TASK PROMPT
Every line containing the word "optimal" must be pulled from the records.

[Opening SOURCE MATERIAL section]

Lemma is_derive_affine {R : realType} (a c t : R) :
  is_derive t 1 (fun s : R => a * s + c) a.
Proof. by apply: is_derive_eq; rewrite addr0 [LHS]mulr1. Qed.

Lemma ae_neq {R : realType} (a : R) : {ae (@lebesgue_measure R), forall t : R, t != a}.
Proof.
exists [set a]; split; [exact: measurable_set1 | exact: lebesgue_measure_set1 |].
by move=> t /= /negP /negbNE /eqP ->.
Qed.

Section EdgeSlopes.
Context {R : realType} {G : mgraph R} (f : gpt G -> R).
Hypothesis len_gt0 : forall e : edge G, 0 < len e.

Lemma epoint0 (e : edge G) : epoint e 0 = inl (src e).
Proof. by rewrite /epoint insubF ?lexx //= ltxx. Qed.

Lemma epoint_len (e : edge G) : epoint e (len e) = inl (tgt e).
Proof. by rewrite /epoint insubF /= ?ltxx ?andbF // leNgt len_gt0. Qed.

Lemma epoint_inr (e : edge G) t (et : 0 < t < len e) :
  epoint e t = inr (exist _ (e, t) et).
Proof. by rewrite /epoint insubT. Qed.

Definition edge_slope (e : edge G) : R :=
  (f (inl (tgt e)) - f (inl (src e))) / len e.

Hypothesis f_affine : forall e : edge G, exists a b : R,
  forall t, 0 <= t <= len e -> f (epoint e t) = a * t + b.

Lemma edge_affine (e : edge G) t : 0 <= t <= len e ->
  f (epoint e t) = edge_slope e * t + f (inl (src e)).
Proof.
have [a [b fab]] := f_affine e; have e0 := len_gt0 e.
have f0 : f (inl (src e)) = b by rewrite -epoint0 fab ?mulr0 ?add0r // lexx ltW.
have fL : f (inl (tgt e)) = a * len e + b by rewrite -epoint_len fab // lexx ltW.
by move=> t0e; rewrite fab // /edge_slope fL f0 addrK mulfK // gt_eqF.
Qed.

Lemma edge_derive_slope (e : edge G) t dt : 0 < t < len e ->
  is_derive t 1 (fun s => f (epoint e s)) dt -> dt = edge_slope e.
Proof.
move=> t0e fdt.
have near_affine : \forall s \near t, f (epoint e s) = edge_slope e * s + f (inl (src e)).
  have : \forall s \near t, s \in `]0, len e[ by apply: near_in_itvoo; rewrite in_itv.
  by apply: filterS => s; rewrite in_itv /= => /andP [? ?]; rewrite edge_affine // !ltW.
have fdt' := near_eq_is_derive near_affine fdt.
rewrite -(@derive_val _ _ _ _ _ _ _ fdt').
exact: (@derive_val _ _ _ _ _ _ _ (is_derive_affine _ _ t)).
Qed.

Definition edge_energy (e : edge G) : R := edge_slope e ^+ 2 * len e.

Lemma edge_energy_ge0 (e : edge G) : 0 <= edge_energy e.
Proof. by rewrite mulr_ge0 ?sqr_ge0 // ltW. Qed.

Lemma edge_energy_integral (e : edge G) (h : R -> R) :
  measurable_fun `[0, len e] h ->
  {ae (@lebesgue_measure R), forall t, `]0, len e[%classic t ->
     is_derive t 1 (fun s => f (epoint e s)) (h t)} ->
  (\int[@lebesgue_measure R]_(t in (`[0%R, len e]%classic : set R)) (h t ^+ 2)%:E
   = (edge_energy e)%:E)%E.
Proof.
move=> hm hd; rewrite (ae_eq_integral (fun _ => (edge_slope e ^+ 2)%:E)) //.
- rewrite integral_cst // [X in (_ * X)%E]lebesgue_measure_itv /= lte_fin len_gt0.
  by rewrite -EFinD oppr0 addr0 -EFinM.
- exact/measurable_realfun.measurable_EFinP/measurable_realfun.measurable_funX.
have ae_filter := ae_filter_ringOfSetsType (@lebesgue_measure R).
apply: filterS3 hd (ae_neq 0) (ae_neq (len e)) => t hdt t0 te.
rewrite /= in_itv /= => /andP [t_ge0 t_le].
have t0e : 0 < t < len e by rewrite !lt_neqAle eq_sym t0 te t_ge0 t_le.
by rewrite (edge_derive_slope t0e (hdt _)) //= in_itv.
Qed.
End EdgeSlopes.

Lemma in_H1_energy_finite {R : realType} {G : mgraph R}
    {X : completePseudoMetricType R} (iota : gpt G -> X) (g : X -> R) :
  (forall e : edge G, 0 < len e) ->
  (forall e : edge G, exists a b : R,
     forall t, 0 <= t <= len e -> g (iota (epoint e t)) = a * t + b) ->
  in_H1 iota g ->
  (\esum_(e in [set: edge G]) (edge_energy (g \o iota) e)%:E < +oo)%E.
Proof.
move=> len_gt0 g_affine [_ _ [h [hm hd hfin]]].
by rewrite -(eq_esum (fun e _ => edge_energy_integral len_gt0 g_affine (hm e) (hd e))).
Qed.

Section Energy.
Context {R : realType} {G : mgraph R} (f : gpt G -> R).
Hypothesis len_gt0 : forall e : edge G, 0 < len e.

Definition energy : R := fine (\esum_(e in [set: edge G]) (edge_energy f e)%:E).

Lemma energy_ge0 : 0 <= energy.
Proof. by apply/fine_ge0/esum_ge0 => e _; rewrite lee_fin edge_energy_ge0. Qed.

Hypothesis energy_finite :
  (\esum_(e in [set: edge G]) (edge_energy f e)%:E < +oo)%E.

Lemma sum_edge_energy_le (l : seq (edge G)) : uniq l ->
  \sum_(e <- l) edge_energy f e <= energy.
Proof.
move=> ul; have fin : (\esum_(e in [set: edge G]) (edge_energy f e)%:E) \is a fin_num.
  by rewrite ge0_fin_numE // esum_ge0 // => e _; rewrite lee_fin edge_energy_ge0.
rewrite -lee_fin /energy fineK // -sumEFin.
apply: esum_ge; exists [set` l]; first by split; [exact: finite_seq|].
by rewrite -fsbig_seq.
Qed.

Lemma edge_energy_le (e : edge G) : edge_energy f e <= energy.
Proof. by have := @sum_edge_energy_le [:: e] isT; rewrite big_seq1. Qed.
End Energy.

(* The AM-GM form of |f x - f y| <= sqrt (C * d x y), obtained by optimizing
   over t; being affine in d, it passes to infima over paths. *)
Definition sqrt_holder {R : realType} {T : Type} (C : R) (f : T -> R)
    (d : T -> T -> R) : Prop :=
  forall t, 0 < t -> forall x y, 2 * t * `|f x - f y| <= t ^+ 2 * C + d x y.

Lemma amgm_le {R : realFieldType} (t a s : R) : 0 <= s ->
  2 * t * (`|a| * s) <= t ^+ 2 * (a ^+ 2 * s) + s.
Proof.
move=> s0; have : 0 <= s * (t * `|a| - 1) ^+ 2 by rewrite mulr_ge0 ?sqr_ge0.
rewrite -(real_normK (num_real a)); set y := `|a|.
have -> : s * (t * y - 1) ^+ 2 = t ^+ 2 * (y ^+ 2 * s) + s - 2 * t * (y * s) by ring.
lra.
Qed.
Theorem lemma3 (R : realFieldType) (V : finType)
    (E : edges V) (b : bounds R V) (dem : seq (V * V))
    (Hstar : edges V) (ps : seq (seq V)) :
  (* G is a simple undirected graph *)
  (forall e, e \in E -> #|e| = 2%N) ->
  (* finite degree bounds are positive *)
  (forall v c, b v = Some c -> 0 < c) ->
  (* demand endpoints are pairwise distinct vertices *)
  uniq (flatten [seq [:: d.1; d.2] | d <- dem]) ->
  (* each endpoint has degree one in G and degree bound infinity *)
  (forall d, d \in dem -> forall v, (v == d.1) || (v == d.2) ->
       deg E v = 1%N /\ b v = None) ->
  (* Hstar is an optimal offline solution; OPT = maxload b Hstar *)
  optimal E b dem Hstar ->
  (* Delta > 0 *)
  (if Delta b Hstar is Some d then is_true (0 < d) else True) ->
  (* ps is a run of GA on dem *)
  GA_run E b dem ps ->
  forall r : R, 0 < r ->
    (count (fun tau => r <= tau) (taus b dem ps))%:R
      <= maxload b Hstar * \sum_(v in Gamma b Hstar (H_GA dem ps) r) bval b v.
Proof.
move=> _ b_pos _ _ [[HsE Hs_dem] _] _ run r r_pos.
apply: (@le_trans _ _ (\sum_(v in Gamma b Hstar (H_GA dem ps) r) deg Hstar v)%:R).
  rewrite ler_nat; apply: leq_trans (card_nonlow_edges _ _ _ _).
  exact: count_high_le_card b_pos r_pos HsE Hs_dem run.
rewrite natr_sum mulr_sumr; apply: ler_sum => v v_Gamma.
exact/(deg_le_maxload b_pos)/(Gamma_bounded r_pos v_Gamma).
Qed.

[Closing SOURCE MATERIAL section]

ANSWER TO THIS PROBLEM
  (* Hstar is an optimal offline solution; OPT = maxload b Hstar *)
  optimal E b dem Hstar ->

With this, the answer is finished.